In the 1994 Leonard Nimoy film Holy Matrimony, Havana (Patricia Arquette) is on the run from the law and hides in a Hutterite community in Alberta, Canada, led by Wilhelm (Armin Mueller-Stahl).

On May 29, 2012, the first episode of American Colony: Meet the Hutterites aired on the National Geographic Channel. Filmed primarily at King Ranch Colony near Lewistown, Montana, with Jeff Collins as executive producer, the colony was paid $100,000 for permission to produce a documentary of Hutterite life. Immediately after the first airing, many Hutterites began to complain that the show did not represent a true picture of typical colony life and ended up being a reality show or "soap opera" rather than a documentary. Some of the Hutterite cast later said that some of the scenes were scripted and that they were not aware of how the final version would portray the Hutterites. Jeff Collins stated that he believes King Colony members were coerced to write retractions, under threat of excommunication from Hutterite leaders. Colony leaders from King Ranch Colony wrote a letter to the National Geographic Society asking for an apology and that the show be discontinued, citing a false portrayal of Hutterites and a "breach of contract and defamation of our life and our character" as the reason. In 2013, How to Get to Heaven with the Hutterites was broadcast on BBC2 and looked at the lives of the people within the community.

Another film about the Hutterites is The Valley of All Utopias (2012), a documentary about a Hutterite colony in Saskatchewan directed by Thomas Risch.

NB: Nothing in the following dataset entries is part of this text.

(* Let $\ell\in\{1,2\}$ and let ${\cal H}\subset{\cal H}_0$, $a_\ell$, $C_{{\rm G1},\ell}$, $C_{{\rm G2},\ell}$, ${\mathcal A}_\ell$ be as in the context (the standing assumptions there hold), and let $0<C_{{\rm qo},\ell}<\infty$. Let $({\cal H}_N)_{N=0}^\infty$ be a sequence of finite-dimensional subspaces of ${\cal H}$ such that, for every $N$ and every $f\in{\cal H}_0$, the Galerkin solution $u_N\in{\cal H}_N$ of $a_\ell(u_N,v_N)=(f,v_N)_{{\cal H}_0}$ for all $v_N\in{\cal H}_N$ exists, is unique, and satisfies $$\|u-u_N\|_{{\cal H}}\le C_{{\rm qo},\ell}\|(I-\Pi_N)u\|_{{\cal H}},$$ where $\Pi_N:{\cal H}\to{\cal H}_N$ is the ${\cal H}$-orthogonal projection and $u\in{\cal H}$ is the solution of $a_\ell(u,v)=(f,v)_{{\cal H}_0}$ for all $v\in{\cal H}$. Then for every $N$, $$\inf_{u_N\in{\cal H}_N\setminus\{0\}}\sup_{v_N\in{\cal H}_N\setminus\{0\}}\frac{|a_\ell(u_N,v_N)|}{\|u_N\|_{{\cal H}}\|v_N\|_{{\cal H}}}\ge\frac{1}{(C_{{\rm G1},\ell})^{-1}\Big(1+C_{{\rm G2},\ell}(1+C_{{\rm qo},\ell})\|{\mathcal A}_\ell^{-1}\|_{{\cal H}_0\to{\cal H}}\Big)}.$$
   Context: Standing assumptions: ${\cal H}\subset{\cal H}_0$ are complex Hilbert spaces with $\|v\|_{{\cal H}_0}\le\|v\|_{{\cal H}}$ for $v\in{\cal H}$, and ${\cal H}_0$ is identified with its dual so that ${\cal H}\subset{\cal H}_0\subset{\cal H}^*$. ${\mathcal D}:{\cal H}\to{\cal H}_0$ is linear with $\|{\mathcal D}\|_{{\cal H}\to{\cal H}_0}\le 1$; $b(\cdot,\cdot)$ is a continuous sesquilinear form on ${\cal H}$; for $\ell=1,2$, $\mu_\ell^{-1}:{\cal H}_0\to{\cal H}_0$ and $\epsilon_\ell:{\cal H}_0\to{\cal H}_0$ are bounded linear operators, and $a_\ell(u,v):=(\mu_\ell^{-1}{\mathcal D}u,{\mathcal D}v)_{{\cal H}_0}+b(u,v)-(\epsilon_\ell u,v)_{{\cal H}_0}$. For $\ell=1,2$ there exist $C_{{\rm G1},\ell},C_{{\rm G2},\ell}>0$ with $|a_\ell(v,v)+C_{{\rm G2},\ell}\|v\|_{{\cal H}_0}^2|\ge C_{{\rm G1},\ell}\|v\|_{{\cal H}}^2$ for all $v\in{\cal H}$. ${\mathcal A}_\ell:{\cal H}\to{\cal H}^*$ is defined by $\langle{\mathcal A}_\ell u,v\rangle_{{\cal H}^*\times{\cal H}}=a_\ell(u,v)$, and $\|{\mathcal A}_\ell^{-1}\|_{{\cal H}_0\to{\cal H}}$ is the norm of the solution map $f\mapsto u$ from ${\cal H}_0$ to ${\cal H}$. *)

From mathcomp Require Import all_boot all_algebra complex.
From mathcomp Require Import all_classical all_reals.
Set Implicit Arguments. Unset Strict Implicit. Unset Printing Implicit Defensive.
Import GRing.Theory Num.Theory.
Local Open Scope ring_scope.
Local Open Scope classical_set_scope.

Section HilbertDefs.
Context {R : realType} {V : lmodType R[i]}.

Definition cmod (z : R[i]) : R :=
  Num.sqrt (complex.Re z ^+ 2 + complex.Im z ^+ 2).

Definition subspace (P : V -> Prop) : Prop :=
  P 0 /\ forall (a : R[i]) u v, P u -> P v -> P (a *: u + v).

Definition is_inner_product (P : V -> Prop) (ip : V -> V -> R[i]) : Prop :=
  (forall (a : R[i]) u v w, P u -> P v -> P w ->
      ip (a *: u + v) w = a * ip u w + ip v w) /\
  (forall u v, P u -> P v -> ip v u = (ip u v)^*) /\
  (forall u, P u -> 0 <= complex.Re (ip u u)) /\
  (forall u, P u -> ip u u = 0 -> u = 0).

Definition ipnorm (ip : V -> V -> R[i]) (u : V) : R :=
  Num.sqrt (complex.Re (ip u u)).

Definition complete_wrt (P : V -> Prop) (ip : V -> V -> R[i]) : Prop :=
  forall s : nat -> V, (forall n, P (s n)) ->
    (forall e : R, 0 < e -> exists N : nat, forall m n : nat,
        (N <= m)%N -> (N <= n)%N -> ipnorm ip (s m - s n) < e) ->
    exists l, P l /\ (forall e : R, 0 < e -> exists N : nat,
        forall n : nat, (N <= n)%N -> ipnorm ip (s n - l) < e).

Definition hilbert (P : V -> Prop) (ip : V -> V -> R[i]) : Prop :=
  subspace P /\ is_inner_product P ip /\ complete_wrt P ip.

Definition linear_on (P : V -> Prop) (f : V -> V) : Prop :=
  forall (a : R[i]) u v, P u -> P v -> f (a *: u + v) = a *: f u + f v.

Definition sesquilinear_on (P : V -> Prop) (b : V -> V -> R[i]) : Prop :=
  (forall (a : R[i]) u v w, P u -> P v -> P w ->
      b (a *: u + v) w = a * b u w + b v w) /\
  (forall (a : R[i]) u v w, P u -> P v -> P w ->
      b u (a *: v + w) = a^* * b u v + b u w).

Definition finite_dim (P : V -> Prop) : Prop :=
  exists (n : nat) (e : 'I_n -> V),
    forall v, P v <-> exists c : 'I_n -> R[i], v = \sum_(i < n) c i *: e i.

Definition a_form (ip0 : V -> V -> R[i]) (muinv D eps : V -> V)
  (b : V -> V -> R[i]) (u v : V) : R[i] :=
  ip0 (muinv (D u)) (D v) + b u v - ip0 (eps u) v.

(* Standing assumptions of the context.  H0 is the whole space V with inner
   product ip0; H is the subspace H of V with inner product ip. *)
Definition standing_assumptions (H : V -> Prop) (ip ip0 : V -> V -> R[i])
  (D muinv eps : V -> V) (b : V -> V -> R[i]) (CG1 CG2 : R) : Prop :=
  hilbert (fun _ => True) ip0 /\
      hilbert H ip /\
      (forall v, H v -> ipnorm ip0 v <= ipnorm ip v) /\
      linear_on H D /\ (forall v, H v -> ipnorm ip0 (D v) <= ipnorm ip v) /\
      sesquilinear_on H b /\ (exists Cb : R, forall u v, H u -> H v ->
           cmod (b u v) <= Cb * ipnorm ip u * ipnorm ip v) /\
      (linear_on (fun _ => True) muinv /\ exists K : R, forall v,
           ipnorm ip0 (muinv v) <= K * ipnorm ip0 v) /\
      (linear_on (fun _ => True) eps /\ exists K : R, forall v,
           ipnorm ip0 (eps v) <= K * ipnorm ip0 v) /\
      0 < CG1 /\ 0 < CG2 /\
      (forall v, H v -> CG1 * ipnorm ip v ^+ 2 <=
         cmod (a_form ip0 muinv D eps b v v + Complex (CG2 * ipnorm ip0 v ^+ 2) 0)).

End HilbertDefs.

Hutterites were featured in the CBC TV series Heartland in Season 8, Episode 7, "Walk a Mile" (2014).

Queer Hutterite (2016) is a self-produced documentary by a young gay man who left his home in a Manitoba colony to come out of the closet in Calgary.

Hutterites are also often depicted on the satire website The Daily Bonnet, alongside Mennonites, Amish, and other Anabaptist groups.